Scan the entries for the word "replace", and copy every line where it appears.

**Supplied data**
Content starts
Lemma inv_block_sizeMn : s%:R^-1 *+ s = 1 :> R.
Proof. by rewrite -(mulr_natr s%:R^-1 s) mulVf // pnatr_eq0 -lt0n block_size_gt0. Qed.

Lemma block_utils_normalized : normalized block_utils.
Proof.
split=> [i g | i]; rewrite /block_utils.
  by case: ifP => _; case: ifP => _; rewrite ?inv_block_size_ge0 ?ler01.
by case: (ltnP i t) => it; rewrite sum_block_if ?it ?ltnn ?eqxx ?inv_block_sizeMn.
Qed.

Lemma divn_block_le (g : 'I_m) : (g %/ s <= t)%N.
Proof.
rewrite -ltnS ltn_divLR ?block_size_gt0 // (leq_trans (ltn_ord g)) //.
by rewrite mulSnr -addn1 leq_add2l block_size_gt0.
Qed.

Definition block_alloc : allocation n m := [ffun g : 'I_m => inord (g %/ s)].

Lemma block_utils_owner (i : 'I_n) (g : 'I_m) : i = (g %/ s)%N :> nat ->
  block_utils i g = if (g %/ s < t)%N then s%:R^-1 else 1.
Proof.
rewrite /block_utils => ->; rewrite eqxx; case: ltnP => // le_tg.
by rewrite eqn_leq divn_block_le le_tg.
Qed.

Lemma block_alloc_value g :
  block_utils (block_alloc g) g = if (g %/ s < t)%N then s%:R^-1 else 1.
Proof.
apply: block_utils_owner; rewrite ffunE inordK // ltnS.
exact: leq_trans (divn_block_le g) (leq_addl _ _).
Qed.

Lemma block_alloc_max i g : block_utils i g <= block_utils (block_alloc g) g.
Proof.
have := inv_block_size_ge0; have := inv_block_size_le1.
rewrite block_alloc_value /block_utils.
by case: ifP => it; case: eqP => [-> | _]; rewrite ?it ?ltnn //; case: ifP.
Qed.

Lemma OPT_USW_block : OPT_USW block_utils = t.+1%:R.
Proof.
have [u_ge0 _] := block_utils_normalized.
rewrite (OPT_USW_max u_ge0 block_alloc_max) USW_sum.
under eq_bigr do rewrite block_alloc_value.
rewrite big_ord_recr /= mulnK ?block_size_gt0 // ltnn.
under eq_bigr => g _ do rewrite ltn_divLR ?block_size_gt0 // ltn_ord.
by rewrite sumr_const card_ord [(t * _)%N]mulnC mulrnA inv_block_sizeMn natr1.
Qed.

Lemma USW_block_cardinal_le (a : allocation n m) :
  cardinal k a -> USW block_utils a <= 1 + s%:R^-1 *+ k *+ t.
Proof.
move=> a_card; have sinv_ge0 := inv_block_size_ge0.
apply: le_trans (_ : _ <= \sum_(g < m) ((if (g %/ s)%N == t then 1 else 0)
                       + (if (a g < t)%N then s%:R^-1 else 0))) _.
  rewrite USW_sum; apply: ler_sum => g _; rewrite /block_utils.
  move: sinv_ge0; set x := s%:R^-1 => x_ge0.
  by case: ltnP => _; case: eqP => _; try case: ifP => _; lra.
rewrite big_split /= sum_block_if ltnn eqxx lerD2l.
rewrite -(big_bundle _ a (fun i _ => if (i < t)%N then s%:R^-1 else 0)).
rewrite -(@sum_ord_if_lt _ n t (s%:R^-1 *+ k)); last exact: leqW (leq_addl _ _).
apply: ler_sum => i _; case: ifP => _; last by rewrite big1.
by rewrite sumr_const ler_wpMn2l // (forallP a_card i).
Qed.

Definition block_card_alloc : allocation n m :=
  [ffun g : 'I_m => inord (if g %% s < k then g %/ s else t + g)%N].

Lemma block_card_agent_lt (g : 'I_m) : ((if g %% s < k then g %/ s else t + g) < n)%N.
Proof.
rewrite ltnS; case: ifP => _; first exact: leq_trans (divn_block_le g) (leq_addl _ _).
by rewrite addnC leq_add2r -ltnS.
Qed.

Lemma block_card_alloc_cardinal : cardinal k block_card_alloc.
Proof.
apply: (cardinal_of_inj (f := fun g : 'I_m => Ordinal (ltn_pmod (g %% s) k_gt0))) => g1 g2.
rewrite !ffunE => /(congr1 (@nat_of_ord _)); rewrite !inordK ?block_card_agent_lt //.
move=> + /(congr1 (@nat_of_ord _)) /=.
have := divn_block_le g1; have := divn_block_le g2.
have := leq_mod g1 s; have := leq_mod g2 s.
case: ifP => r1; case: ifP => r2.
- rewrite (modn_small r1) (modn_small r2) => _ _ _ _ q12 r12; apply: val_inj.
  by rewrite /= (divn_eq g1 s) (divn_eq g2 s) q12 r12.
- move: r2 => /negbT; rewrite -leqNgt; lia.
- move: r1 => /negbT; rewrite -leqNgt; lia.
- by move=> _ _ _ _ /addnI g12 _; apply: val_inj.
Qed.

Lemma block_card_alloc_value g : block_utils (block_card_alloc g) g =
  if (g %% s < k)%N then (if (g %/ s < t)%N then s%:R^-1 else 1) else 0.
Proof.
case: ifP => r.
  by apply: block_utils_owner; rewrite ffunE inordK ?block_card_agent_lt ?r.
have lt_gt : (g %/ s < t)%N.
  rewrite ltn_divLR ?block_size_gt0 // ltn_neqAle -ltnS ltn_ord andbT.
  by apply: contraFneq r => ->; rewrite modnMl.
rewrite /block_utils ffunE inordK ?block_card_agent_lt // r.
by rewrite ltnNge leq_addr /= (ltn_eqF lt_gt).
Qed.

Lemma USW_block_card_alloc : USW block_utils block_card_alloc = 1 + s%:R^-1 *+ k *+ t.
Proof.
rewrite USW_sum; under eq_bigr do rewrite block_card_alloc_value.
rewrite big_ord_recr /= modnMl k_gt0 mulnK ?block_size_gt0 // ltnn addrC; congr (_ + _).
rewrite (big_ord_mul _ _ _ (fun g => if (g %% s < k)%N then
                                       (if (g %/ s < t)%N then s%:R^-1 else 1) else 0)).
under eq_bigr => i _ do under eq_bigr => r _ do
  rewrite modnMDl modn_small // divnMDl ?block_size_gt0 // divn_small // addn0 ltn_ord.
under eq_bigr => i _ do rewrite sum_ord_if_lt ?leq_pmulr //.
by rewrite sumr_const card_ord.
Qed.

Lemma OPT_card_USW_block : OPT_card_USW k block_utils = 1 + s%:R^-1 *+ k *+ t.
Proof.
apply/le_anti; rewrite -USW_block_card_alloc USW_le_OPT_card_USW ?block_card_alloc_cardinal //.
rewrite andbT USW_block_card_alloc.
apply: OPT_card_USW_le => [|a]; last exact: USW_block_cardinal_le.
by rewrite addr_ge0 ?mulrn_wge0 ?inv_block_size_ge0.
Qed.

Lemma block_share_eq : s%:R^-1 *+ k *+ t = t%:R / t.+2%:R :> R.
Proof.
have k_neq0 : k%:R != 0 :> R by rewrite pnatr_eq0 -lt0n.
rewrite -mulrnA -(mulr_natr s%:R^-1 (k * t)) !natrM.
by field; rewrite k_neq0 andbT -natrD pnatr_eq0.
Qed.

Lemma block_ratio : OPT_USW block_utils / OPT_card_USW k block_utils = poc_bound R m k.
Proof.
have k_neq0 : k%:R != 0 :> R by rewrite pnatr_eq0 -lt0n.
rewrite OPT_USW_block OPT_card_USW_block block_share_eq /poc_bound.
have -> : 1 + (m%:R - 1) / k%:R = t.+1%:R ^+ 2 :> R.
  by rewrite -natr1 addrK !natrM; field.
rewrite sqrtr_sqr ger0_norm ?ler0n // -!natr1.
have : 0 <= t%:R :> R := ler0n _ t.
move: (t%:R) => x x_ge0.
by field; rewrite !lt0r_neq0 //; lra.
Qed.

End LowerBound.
Content ends
Content starts
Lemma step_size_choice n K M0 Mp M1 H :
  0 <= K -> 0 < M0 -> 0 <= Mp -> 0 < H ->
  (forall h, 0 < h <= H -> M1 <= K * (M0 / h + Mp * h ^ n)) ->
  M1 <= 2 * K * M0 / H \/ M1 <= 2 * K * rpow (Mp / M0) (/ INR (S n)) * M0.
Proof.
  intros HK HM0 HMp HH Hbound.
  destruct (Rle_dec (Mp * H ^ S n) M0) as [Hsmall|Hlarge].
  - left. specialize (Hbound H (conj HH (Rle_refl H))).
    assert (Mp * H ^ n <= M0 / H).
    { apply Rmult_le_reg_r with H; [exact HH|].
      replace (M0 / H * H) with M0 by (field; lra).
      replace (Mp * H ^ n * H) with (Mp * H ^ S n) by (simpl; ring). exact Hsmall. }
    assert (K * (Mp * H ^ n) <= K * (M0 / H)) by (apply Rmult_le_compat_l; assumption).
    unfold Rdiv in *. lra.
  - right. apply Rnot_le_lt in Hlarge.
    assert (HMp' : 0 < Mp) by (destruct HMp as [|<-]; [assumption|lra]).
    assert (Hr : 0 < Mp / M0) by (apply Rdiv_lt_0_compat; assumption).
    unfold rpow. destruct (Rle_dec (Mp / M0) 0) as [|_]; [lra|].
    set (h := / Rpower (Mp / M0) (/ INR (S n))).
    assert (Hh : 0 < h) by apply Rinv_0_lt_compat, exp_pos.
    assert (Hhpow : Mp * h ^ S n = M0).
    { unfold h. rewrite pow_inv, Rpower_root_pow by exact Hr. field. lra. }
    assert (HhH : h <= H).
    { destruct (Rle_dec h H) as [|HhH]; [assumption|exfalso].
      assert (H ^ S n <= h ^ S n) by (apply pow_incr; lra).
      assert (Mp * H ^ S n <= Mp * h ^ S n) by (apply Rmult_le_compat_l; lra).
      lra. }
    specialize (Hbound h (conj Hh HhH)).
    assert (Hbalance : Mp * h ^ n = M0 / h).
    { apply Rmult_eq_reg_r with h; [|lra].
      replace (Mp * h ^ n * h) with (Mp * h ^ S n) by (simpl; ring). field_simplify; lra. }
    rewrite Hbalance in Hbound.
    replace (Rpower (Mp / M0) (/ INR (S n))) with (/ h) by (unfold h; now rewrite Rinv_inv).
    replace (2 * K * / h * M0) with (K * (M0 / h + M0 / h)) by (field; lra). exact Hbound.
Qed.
Content ends
Content starts
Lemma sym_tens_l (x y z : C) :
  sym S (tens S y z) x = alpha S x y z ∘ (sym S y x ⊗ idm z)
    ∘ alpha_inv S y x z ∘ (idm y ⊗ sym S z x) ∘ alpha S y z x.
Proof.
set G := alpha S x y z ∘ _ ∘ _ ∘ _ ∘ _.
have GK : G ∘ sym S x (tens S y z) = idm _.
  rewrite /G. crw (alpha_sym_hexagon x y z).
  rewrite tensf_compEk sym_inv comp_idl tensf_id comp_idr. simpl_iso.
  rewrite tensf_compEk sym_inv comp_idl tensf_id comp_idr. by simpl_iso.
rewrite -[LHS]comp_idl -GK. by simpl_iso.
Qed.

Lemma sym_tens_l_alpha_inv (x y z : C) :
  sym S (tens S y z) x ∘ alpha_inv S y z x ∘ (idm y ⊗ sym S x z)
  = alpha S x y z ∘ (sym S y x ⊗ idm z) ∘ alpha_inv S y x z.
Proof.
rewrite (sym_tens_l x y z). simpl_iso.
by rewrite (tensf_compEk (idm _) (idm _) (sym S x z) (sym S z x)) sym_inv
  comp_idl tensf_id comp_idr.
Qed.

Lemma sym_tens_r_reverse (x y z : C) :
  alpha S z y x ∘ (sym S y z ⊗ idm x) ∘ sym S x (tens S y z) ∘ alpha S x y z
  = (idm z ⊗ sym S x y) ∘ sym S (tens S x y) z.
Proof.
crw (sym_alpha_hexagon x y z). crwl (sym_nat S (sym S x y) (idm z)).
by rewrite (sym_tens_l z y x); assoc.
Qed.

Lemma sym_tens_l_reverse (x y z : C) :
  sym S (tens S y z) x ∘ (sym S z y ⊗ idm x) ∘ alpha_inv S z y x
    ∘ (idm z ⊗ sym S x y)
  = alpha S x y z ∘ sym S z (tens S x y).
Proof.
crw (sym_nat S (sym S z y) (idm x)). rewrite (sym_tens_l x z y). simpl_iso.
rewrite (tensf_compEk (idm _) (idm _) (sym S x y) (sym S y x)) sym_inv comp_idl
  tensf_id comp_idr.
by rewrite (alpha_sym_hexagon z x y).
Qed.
Content ends
**Written solution**
      replace (M0 / H * H) with M0 by (field; lra).
      replace (Mp * H ^ n * H) with (Mp * H ^ S n) by (simpl; ring). exact Hsmall. }
      replace (Mp * h ^ n * h) with (Mp * h ^ S n) by (simpl; ring). field_simplify; lra. }
    replace (Rpower (Mp / M0) (/ INR (S n))) with (/ h) by (unfold h; now rewrite Rinv_inv).
    replace (2 * K * / h * M0) with (K * (M0 / h + M0 / h)) by (field; lra). exact Hbound.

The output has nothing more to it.